Nicht neutral

geschrieben von cobratheater.cobra

7. Januar 2022

Gastbeitrag des Kinder- und Jugendtheaters cobratheater.cobra

Wozu Theater? Diese dem Theaterbetrieb wohl innenliegende Frage stellten wir uns angesichts der Bundestagswahl 2017 noch mal neu. Denn knapp sechs Millionen Menschen wählten 94 erklärte Feinde der offenen, pluralen und demokratischen Gesellschaft in das deutsche Parlament. Vor diesem Hintergrund hielten wir, cobratheater.cobra, es für dringend notwendig, uns, auch als professionelle Theatermacher:innen, zu positionieren. Wir wollten die Möglichkeiten des Theaters als Ort, als Arbeitsweise und Kunstform nutzen, als Front, gegen die Bedrohung durch reaktionäre Gewalt, die mit dem Namen AfD nur ungenau beschrieben ist.

Widerständigkeit in Struktur und Ästhetik

Wir gründeten das Haus der digitalen Antifaschist:innen mit dem Ziel, antifaschistisches Kinder- und Jugendtheater zu produzieren und Theaterinstitutionen mit antifaschistischen Akteur:innen und Organisationen der Stadtgesellschaft zu verbinden. Wir wollten eine theaterpraktische Widerständigkeit in Struktur und Ästhetik entwickeln, die Kindern und Jugendlichen das Theater als Raum mitten in der Stadt vorstellt, den sie gemeinsam mit anderen gestalten können. Auch und gerade, wenn sie sich nicht von der weißen, bürgerlichen Mehrheitsgesellschaft repräsentiert sehen. Konsequent antifaschistisch, antirassistisch, feministisch und intersektionell.

Doch wie lassen sich Gegenstrategien, Gegenbewegungen und Ungleichheitsdiskurse in strukturelle Veränderungen übersetzen? In einem Milieu, das von sich aus jene Ungleichheitsdiskurse verinnerlicht hat und sich dessen erst allmählich bewusst wird?

Antifaschistischer Konsens im Theater?

Szene aus »German Horror -Daemonium/Story – Antifa KI« Foto: Dante Nicolai Lümmen

Szene aus »German Horror -Daemonium/Story – Antifa KI«
Foto: Dante Nicolai Lümmen

Zuerst einmal muss gefragt werden: Gibt es so etwas wie einen antifaschistischen Konsens im Theater?

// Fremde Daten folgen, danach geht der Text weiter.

Lemma mem_letters w : letters w =i w.
Proof. by move=> x; rewrite mem_sort mem_undup. Qed.

Lemma sorted_letters w : sorted leq (letters w).
Proof. exact: sort_sorted leq_total _. Qed.

Lemma ltn_sorted_letters w : sorted ltn (letters w).
Proof. by rewrite ltn_sorted_uniq_leq letters_uniq sorted_letters. Qed.

Lemma letters_perm a b : perm_eq a b -> letters a = letters b.
Proof.
move=> pab; apply/perm_sortP; [exact: leq_total | exact: leq_trans | exact: anti_leq|].
by apply: uniq_perm; rewrite ?undup_uniq // => x; rewrite !mem_undup (perm_mem pab).
Qed.

Lemma letters_cat p q N : all (fun z => z <= N) p -> all (fun z => N < z) q ->
  letters (p ++ q) = letters p ++ letters q.
Proof.
move=> /allP pN /allP Nq.
apply: (sorted_eq leq_trans anti_leq (sorted_letters _)).
  rewrite (sorted_pairwise leq_trans) pairwise_cat -!(sorted_pairwise leq_trans).
  rewrite !sorted_letters !andbT; apply/allrelP => x y; rewrite !mem_letters.
  by move=> /pN xN /Nq Ny; exact: ltnW (leq_ltn_trans xN Ny).
apply: uniq_perm; rewrite ?letters_uniq //.
  rewrite cat_uniq !letters_uniq andbT /=; apply/hasPn => y; rewrite !mem_letters.
  by move=> /Nq Ny; apply/negP => /pN yN; move: (leq_ltn_trans yN Ny); rewrite ltnn.
by move=> x; rewrite mem_cat !mem_letters mem_cat.
Qed.

Lemma tassE w : tass w = [seq (index x (letters w)).+1 | x <- w].
Proof. by []. Qed.

Lemma index_letters_mono w :
  {in w &, {mono index^~ (letters w) : x y / x <= y}}.
Proof.
move=> x y /=; rewrite -[x \in w]mem_letters -[y \in w]mem_letters => xw yw.
apply/idP/idP => [|xy].
  exact: (sorted_leq_index leq_trans leqnn (sorted_letters w) _ _ xw yw).
rewrite leqNgt; apply/negP => /(sorted_ltn_index ltn_trans (ltn_sorted_letters w) _ _ yw xw).
by rewrite ltnNge xy.
Qed.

Es gibt Berührungsängste, denn Politik ist nicht gleich Kunst, und kulturelle Bildung ist nicht gleich politische Bildung – was das Theater aber gern annimmt. Es würde ja reichen, so die vorherrschende Meinung, das Theater im schillerschen Sinne mit Schönheit und Sprache zur moralischen Anstalt zu erklären, dann kommen die Zuschauenden schon irgendwie als aufgeklärte Demokraten – politisch gebildet – hinten raus. Zwar gibt es im Theater das Bewusstsein, Teil einer liberalen Demokratie zu sein: Wir sind »die Vielen« wird behauptet, und wenn die Nazis vor der Tür demonstrieren, wird das Licht ausgemacht. Sobald aber Akteure wie die AfD an die Tür klopfen und nach der Herkunft der Künstler:innen fragen, ist jedes Theater auf sich selbst zurückgeworfen, weil es eben auch keine Strategien erprobt hat oder solidarische Bündnisse eingegangen ist. Da wo es politisch streitbar wird, aus einer »Neutralität« herauskommt und sich positioniert, verlässt die Verantwortlichen oft genug der Mut, und sie argumentieren sich ins Hufeisen: Wenn sie ihr Theater für linke Gruppen öffnen würden, müssten sie es ja auch für die Rechten tun – aufgrund des Neutralitätsgebotes als staatlich subventionierte Institution.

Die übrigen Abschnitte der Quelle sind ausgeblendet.